## Exercise brief
Every line in the records below with the string "split" is to be copied out.

======== Input material

(* Iterating a bipartite Ramsey lemma over all pairs of blocks of parts (a
   block is a matched pair of parts, or the last part) gives, once m is large,
   a set S b of l indices for every block b such that the colour of an edge
   (y, a)(z, a') between parts of different blocks depends only on y and z when
   a and a' range over S (block y) and S (block z).  Choosing one index of S b
   for every block b spans a copy of K_(2^r+1).  A graph without odd cycles is
   bipartite, and r bipartite colour classes cannot cover the edges of a
   complete graph on more than 2^r vertices, so this copy contains a
   monochromatic odd cycle, of some length t <= l.  One of its edges yz joins
   parts of different blocks, and all edges between {y} x S (block y) and
   {z} x S (block z) have the colour of yz; replacing yz by a zigzag through
   fresh vertices of these two sets gives a monochromatic cycle of length l. *)

From mathcomp Require Import all_boot all_order zify.
Set Implicit Arguments. Unset Strict Implicit. Unset Printing Implicit Defensive.

Lemma pigeonhole_fiber (T C : finType) (B : {set T}) (g : T -> C) (k0 : C) :
  exists k, #|B| <= #|C| * #|[set x in B | g x == k]|.
Proof.
pose F k := #|[set x in B | g x == k]|.
have [k _ Fk_max] := @arg_maxnP C k0 xpredT F isT.
exists k; rewrite -sum_nat_const.
have -> : #|B| = \sum_(j : C) F j.
  rewrite -sum1_card (partition_big g xpredT) //=.
  apply: eq_bigr => j _; rewrite sum1dep_card /F.
  by apply: eq_card => x; rewrite !inE.
by apply: leq_sum => j _; apply: Fk_max.
Qed.

Definition homogeneous (T C : Type) (chi : T -> T -> C) (A B : {pred T}) :=
  forall a a' b b', a \in A -> a' \in A -> b \in B -> b' \in B ->
    chi a b = chi a' b'.

Definition bipartite_ramsey_bound (c N : nat) := N + N * c + N * c ^ (N * c).

Lemma bipartite_ramsey (T C : finType) (N : nat) (chi : T -> T -> C)
    (A B : {set T}) :
  let M := bipartite_ramsey_bound #|C| N in M <= #|A| -> M <= #|B| ->
  exists A' B' : {set T}, [/\ A' \subset A, B' \subset B, N <= #|A'|,
    N <= #|B'| & homogeneous chi A' B'].
Proof.
rewrite /bipartite_ramsey_bound; case: N => [|N] /= leA leB.
  by exists set0, set0; rewrite !sub0set; split => // a a' b b'; rewrite inE.
have [a1 _] : exists a1, a1 \in A by apply/card_gt0P; lia.
have c_gt0 : 0 < #|C| by apply/card_gt0P; exists (chi a1 a1).
have /card_geqP[s [s_uniq s_size sA]] : N.+1 * #|C| <= #|A|.
  by rewrite (leq_trans _ leA) // -addnA (leq_trans _ (leq_addl _ _)) // leq_addr.
pose profile b := map_tuple (chi^~ b) (in_tuple s).
have [F leBF] := pigeonhole_fiber B profile (profile a1).
set B' := [set b in B | profile b == F] in leBF.
have leB' : N.+1 <= #|B'|.
  rewrite card_tuple s_size in leBF.
  rewrite -(@leq_pmul2l (#|C| ^ (N.+1 * #|C|))) ?expn_gt0 ?c_gt0 //.
  by apply: leq_trans _ leBF; rewrite mulnC (leq_trans _ leB) // leq_addl.
have [b0 b0B'] : exists b0, b0 \in B' by apply/card_gt0P; apply: leq_trans _ leB'.
have [k leAk] := pigeonhole_fiber [set a in s] (chi^~ b0) (chi a1 a1).
set A' := [set a in [set a in s] | chi a b0 == k] in leAk.
have leA' : N.+1 <= #|A'|.
  by rewrite -(leq_pmul2l c_gt0) mulnC -s_size -(card_uniqP s_uniq) -[#|s|]cardsE.
have chi_k a b : a \in A' -> b \in B' -> chi a b = k.
  rewrite !inE => /andP[a_s /eqP <-] /andP[_ /eqP profile_b].
  move: b0B'; rewrite inE => /andP[_ /eqP profile_b0].
  have /(congr1 val)/eq_in_map/(_ a a_s) : profile b = profile b0 by rewrite profile_b.
  by [].
exists A', B'; split => //.
- by apply/subsetP => a; rewrite !inE => /andP[/sA].
- by apply/subsetP => b; rewrite !inE => /andP[].
- by move=> a a' b b' aA a'A bB b'B; rewrite !chi_k.
Qed.

Lemma bipartite_ramsey_pairs (I C : finType) (ps : seq (I * I)) (N : nat) :
  exists M, forall (T : finType) (chi : I -> I -> T -> T -> C)
    (S0 : I -> {set T}), (forall i, M <= #|S0 i|) ->
  exists S : I -> {set T}, [/\ forall i, S i \subset S0 i,
    forall i, N <= #|S i| &
    forall i j, (i, j) \in ps -> i != j -> homogeneous (chi i j) (S i) (S j)].
Proof.
elim: ps => [|[i j] ps [M IHps]].
  by exists N => T chi S0 leS0; exists S0; split.
exists (bipartite_ramsey_bound #|C| M) => T chi S0 leS0.
have leM x : M <= #|S0 x|.
  by apply: leq_trans _ (leS0 x); rewrite /bipartite_ramsey_bound -addnA leq_addr.
have [<- | neq_ij] := eqVneq i j.
  have [S [sub_S leS homS]] := IHps T chi S0 leM.
  exists S; split => // i' j'; rewrite inE => /predU1P[[-> ->] /eqP // | ].
  exact: homS.
have [A' [B' [sA sB leA leB homAB]]] := bipartite_ramsey (chi i j) (leS0 i) (leS0 j).
pose S1 x := if x == i then A' else if x == j then B' else S0 x.
have S1_i : S1 i = A' by rewrite /S1 eqxx.
have S1_j : S1 j = B' by rewrite /S1 eq_sym (negbTE neq_ij) eqxx.
have sub_S1 x : S1 x \subset S0 x.
  by rewrite /S1; case: eqP => [-> //|_]; case: eqP => [-> //|_].
have leS1 x : M <= #|S1 x|.
  by rewrite /S1; case: eqP => _; last case: eqP => _; rewrite ?leA ?leB ?leM.
have [S [sub_S leS homS]] := IHps T chi S1 leS1.
exists S; split => // [x | i' j'].
  exact: subset_trans (sub_S x) (sub_S1 x).
rewrite inE => /predU1P[[-> ->] _ | ]; last exact: homS.
have /subsetP sSi := sub_S i; have /subsetP sSj := sub_S j.
rewrite S1_i in sSi; rewrite S1_j in sSj.
by move=> a a' b b' /sSi aA /sSi a'A /sSj bB /sSj b'B; apply: homAB.
Qed.

Lemma ramsey_homogeneous_family (I C : finType) (N : nat) :
  exists M, forall (T : finType) (chi : I -> I -> T -> T -> C), M <= #|T| ->
  exists S : I -> {set T}, (forall i, N <= #|S i|) /\
    forall i j, i != j -> homogeneous (chi i j) (S i) (S j).
Proof.
have [M HM] := bipartite_ramsey_pairs C (enum [set: I * I]) N.
exists M => T chi leT.
have [|S [_ leS homS]] := HM T chi (fun=> setT) => [i|]; first by rewrite cardsT.
by exists S; split => // i j; apply: homS; rewrite mem_enum inE.
Qed.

================

## Response below
  by exists set0, set0; rewrite !sub0set; split => // a a' b b'; rewrite inE.
exists A', B'; split => //.
  by exists N => T chi S0 leS0; exists S0; split.
  exists S; split => // i' j'; rewrite inE => /predU1P[[-> ->] /eqP // | ].
exists S; split => // [x | i' j'].
by exists S; split => // i j; apply: homS; rewrite mem_enum inE.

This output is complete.